Alison returned to Australia in 2015 and after a short break became a volunteer at RACS. Two years later she is part of the backbone of the service. 

On March 31, 2014, the minister for immigration, at the time Scott Morrison, announced that asylum seekers arriving by boat would no longer be given government funded legal assistance, with the exception of a very limited scheme for people deemed vulnerable by the department. 

For RACS, this translated to an 85 percent cut in funding.

To continue to provide clients with some legal assistance would cost, conservatively, about a million dollars a year. To make matters more difficult, the old Sydney Law School building on Phillip Street, where RACS had been given free accommodation, was being sold for development into apartments.

"You would expect that with a cut in staff and operations that it would scale down. I think the amazing thing, and this is before my time, that RACS did was expand operations despite that funding cut."

With a new rent-free building provided by UNSW, RACS re-focused its strategy to become a vocal advocacy body for people seeking asylum, effectively self-sustained by its own fundraising and corporate partnerships.

"Now we are a lot more outspoken, and you can see that with that outspokenness comes a base of people who are willing to lend assistance.

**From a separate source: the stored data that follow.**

Lemma mean_top_sqr_le n s (x : 'rV[R]_n) (k M : R) : (0 < s)%N -> (s <= n)%N ->
  0 < k -> 0 < M ->
  s%:R^-1 * \sum_(l < s) (nth 0 (rearr x) l) ^+ 2 <=
  k * (ln M - 1) + k / (M * s%:R) * \sum_i expR (k^-1 * x 0 i ^+ 2).
Proof.
move=> s0 sn k0 M0; have s0' : 0 < s%:R :> R by rewrite ltr0n.
rewrite [leRHS](_ : _ = s%:R^-1 * (k * (ln M - 1) *+ s +
    k / M * \sum_i expR (k^-1 * x 0 i ^+ 2))); last first.
  by rewrite -mulr_natr; field; rewrite !gt_eqF.
rewrite ler_pM2l ?invr_gt0 //.
apply: le_trans (ler_sum _ (fun (l : 'I_s) _ => sqr_le_expR (nth 0 (rearr x) l) k0 M0)) _.
rewrite big_split /= sumr_const card_ord lerD2l -mulr_sumr.
rewrite ler_pM2l ?divr_gt0 //.
apply: le_trans (sum_rearr_le x (F := fun z => expR (k^-1 * z ^+ 2)) sn
  (fun z => expR_ge0 _)) _.
by apply: ler_sum => i _; rewrite -normrX ger0_norm ?sqr_ge0.
Qed.

Lemma half_le_subr_2M (rho v : R) : 0 < rho -> v <= rho ->
  2^-1 <= 1 - 2 * (4 * rho)^-1 * v.
Proof.
move=> rho0 v_le; rewrite (_ : 2 * _ * v = v / (2 * rho)); last by field; rewrite gt_eqF.
have : v / (2 * rho) <= 2^-1 by rewrite ler_pdivrMr ?mulr_gt0 //; lra.
lra.
Qed.

Lemma invr_sqrt_le_sqrt2 (q : R) : 2^-1 <= q -> (Num.sqrt q)^-1 <= Num.sqrt 2.
Proof.
move=> q_ge; have q0 : 0 < q by apply: lt_le_trans q_ge; rewrite invr_gt0.
rewrite -sqrtrV; last exact: ltW.
by rewrite ler_sqrt ?ltr0n // -div1r ler_pdivrMr //; lra.
Qed.

End real_inequalities.

Section top_coordinates.
Context {R : realType} (n s : nat) (rho : R).
Hypotheses (s_gt0 : (0 < s)%N) (s_le_n : (s <= n)%N) (rho_gt0 : 0 < rho).

Let k : R := 4 * rho.
Let M : R := Num.sqrt 2 * n%:R / s%:R.
Let t : R := k * ln M.
(* [A + B * sum_i expR (x_i^2 / k)] is the AM-GM bound [(Y + t) / (2 sqrt t)]
   with [Y] replaced by its bound from [mean_top_sqr_le]. *)
Let A : R := (k * (ln M - 1) + t) / (2 * Num.sqrt t).
Let B : R := k / (M * s%:R) / (2 * Num.sqrt t).

Let s_real_gt0 : 0 < s%:R :> R. Proof. by rewrite ltr0n. Qed.
Let n_real_gt0 : 0 < n%:R :> R. Proof. by rewrite ltr0n (leq_trans s_gt0). Qed.
Let sqrt2_gt1 : 1 < Num.sqrt 2 :> R.
Proof. by rewrite -[X in X < _]sqrtr1 ltr_sqrt // ltr1n. Qed.
Let k_gt0 : 0 < k. Proof. by rewrite mulr_gt0. Qed.

Let M_gt1 : 1 < M.
Proof.
have := sqrt2_gt1; have : 1 <= n%:R / s%:R :> R.
  by rewrite ler_pdivlMr // mul1r ler_nat.
by rewrite /M -mulrA; nra.
Qed.

Let M_gt0 : 0 < M. Proof. exact: lt_trans M_gt1. Qed.
Let t_gt0 : 0 < t. Proof. by rewrite mulr_gt0 ?ln_gt0. Qed.
Let sqrt_t_gt0 : 0 < Num.sqrt t. Proof. by rewrite sqrtr_gt0. Qed.

(* The [0 +] is the centre [c] of [gauss_expect_expsq]. *)
Lemma sqrt_mean_top_sqr_le (x : 'rV[R]_n) :
  Num.sqrt (s%:R^-1 * \sum_(l < s) (nth 0 (rearr x) l) ^+ 2) <=
  A + \sum_i B * expR (k^-1 * (0 + x 0 i) ^+ 2).
Proof.
have Y_ge0 : 0 <= s%:R^-1 * \sum_(l < s) (nth 0 (rearr x) l) ^+ 2.
  by rewrite mulr_ge0 ?invr_ge0 ?ler0n ?sumr_ge0 // => l _; exact: sqr_ge0.
apply: le_trans (sqrt_le_amgm Y_ge0 t_gt0) _.
rewrite (eq_bigr (fun i => B * expR (k^-1 * x 0 i ^+ 2))) => [|i _]; last by rewrite add0r.
rewrite -mulr_sumr (_ : A + _ = (k * (ln M - 1) + k / (M * s%:R) *
    \sum_i expR (k^-1 * x 0 i ^+ 2) + t) / (2 * Num.sqrt t)); last first.
  by rewrite /A /B; field; rewrite !gt_eqF.
rewrite ler_pM2r ?invr_gt0 ?mulr_gt0 // lerD2r.
exact: mean_top_sqr_le.
Qed.

Lemma expsq_bound_sqrt2E : A + \sum_(i < n) B * Num.sqrt 2 = Num.sqrt t.
Proof.
rewrite sumr_const card_ord -[_ *+ n]mulr_natr (_ : A + _ = t / Num.sqrt t).
  by rewrite -{1}(sqr_sqrtr (ltW t_gt0)) expr2 mulfK // gt_eqF.
rewrite /A /B /M /t; field.
by rewrite !gt_eqF // (lt_trans _ sqrt2_gt1).
Qed.

Lemma gauss_expect_sqrt_mean_top_sqr_le d (D : 'M[R]_(d, n)) :
  (forall i, \sum_j D j i ^+ 2 <= rho) ->
  (gauss_expect (fun g : 'rV_d =>
     (Num.sqrt (s%:R^-1 * \sum_(l < s) (nth 0 (rearr (g *m D)) l) ^+ 2))%:E)
   <= (Num.sqrt t)%:E)%E.
Proof.
move=> hD.
have bound g := sqrt_mean_top_sqr_le (g *m D).
apply: le_trans (le_gauss_expect
  (h := fun g => (A + \sum_i B * expR (k^-1 * (0 + (g *m D) 0 i) ^+ 2))%:E) _ _) _.
- by move=> g; rewrite lee_fin sqrtr_ge0.
- by move=> g; rewrite lee_fin bound.
have q_ge i : 2^-1 <= 1 - 2 * k^-1 * \sum_j D j i ^+ 2 := half_le_subr_2M rho_gt0 (hD i).
rewrite (gauss_expect_expsq (B := fun _ => B) (lam := fun _ => k^-1) (c := fun _ => 0));
  last 2 first.
- by move=> i; apply: lt_le_trans (q_ge i); rewrite invr_gt0.
- by move=> g; apply: le_trans (bound g); exact: sqrtr_ge0.
rewrite lee_fin -expsq_bound_sqrt2E lerD2l; apply: ler_sum => i _.
apply: ler_wpM2l; first by rewrite !divr_ge0 ?mulr_ge0 // ltW.
by rewrite /expsq_mgf expr0n mulr0 expR0 mulr1; exact: invr_sqrt_le_sqrt2 (q_ge i).
Qed.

That changed in the time that I was gone. Back in the day RACS wasn't so outspoken, I think partially because we were really small, and because we had a lot of government funding for our work.

Coming back to RACS in 2015, the scale had completely changed. Now it would have about 25 lawyers, including a lawyer permanently based in Melbourne - that does include a number of seconded lawyers [from commercial law firms] - and I think there'd be over a 100 lawyers doing work on a pro bono basis and then hundreds of volunteers.

Back when RACS started we had some support, little bits of support. I remember that in 2000 we started developing a relationship with Gilbert + Tobin. Now, we had a meeting yesterday, and there would have been ten big firms around the table, all of which contribute significantly to RACS." 

Apart from Gilbert + Tobin, the other corporate firms engaged with RACS's refugee work include Allens, Herbert Smith Freehills, King & Wood Mallesons, Henry Davis York and Norton Rose Fulbright. 

Lawyers from Allens, Mallesons and Norton Rose do six month secondments at the service. 

Alison's team at RACS still relies on the unpredictable lifeline of fundraising to respond to government policy changes that regularly up-end the centre's operations.

Just this year, the government decided to impose final deadlines on lodging protection visa applications. In the aftermath of that announcement, a successful fundraising push to hire more lawyers allowed RACS to hold 1,900 appointments for clients between May and July this year. 

The October 1 deadline applies to those who arrived by boat between August 13, 2012 and December 31, 2013, who who did not have the opportunity to seek legal assistance for their protection visas until after 2015. 

The current chapter of RACS' work is coming to an end. With all applications due in three weeks time the service is starting to shift its focus to clients' interviews with the department, submissions to the Immigration Assessment Authority, which reviews adverse decisions made by the department, and judicial review for applicants refused by the IAA. 

This work remains unfunded by the government. 

For a case that is rejected a number of times, Alison estimates that only a third of the work is done at the point of lodging the application. 

RACS' focus for the next 18 months will be to provide assistance to applicants who are refused, depending on the merits of their case.

"The aim is to provide it to 600-700 clients."

RACS has already begun to provide assistance to those whose applications have been refused. With the help of pro bono barristers, over the last 12 months hundreds of clients have been given free legal opinions on the likelihood of their success in court. 

In 30 cases prospects of success were found, and in two cases, appeals to the Federal Court have been successful. 

Alison remains in equal parts jaded and optimistic. When asked about the government's persistent attacks on people seeking asylum she has "stopped being shocked", but when asked about the future of RACS she remains "really excited".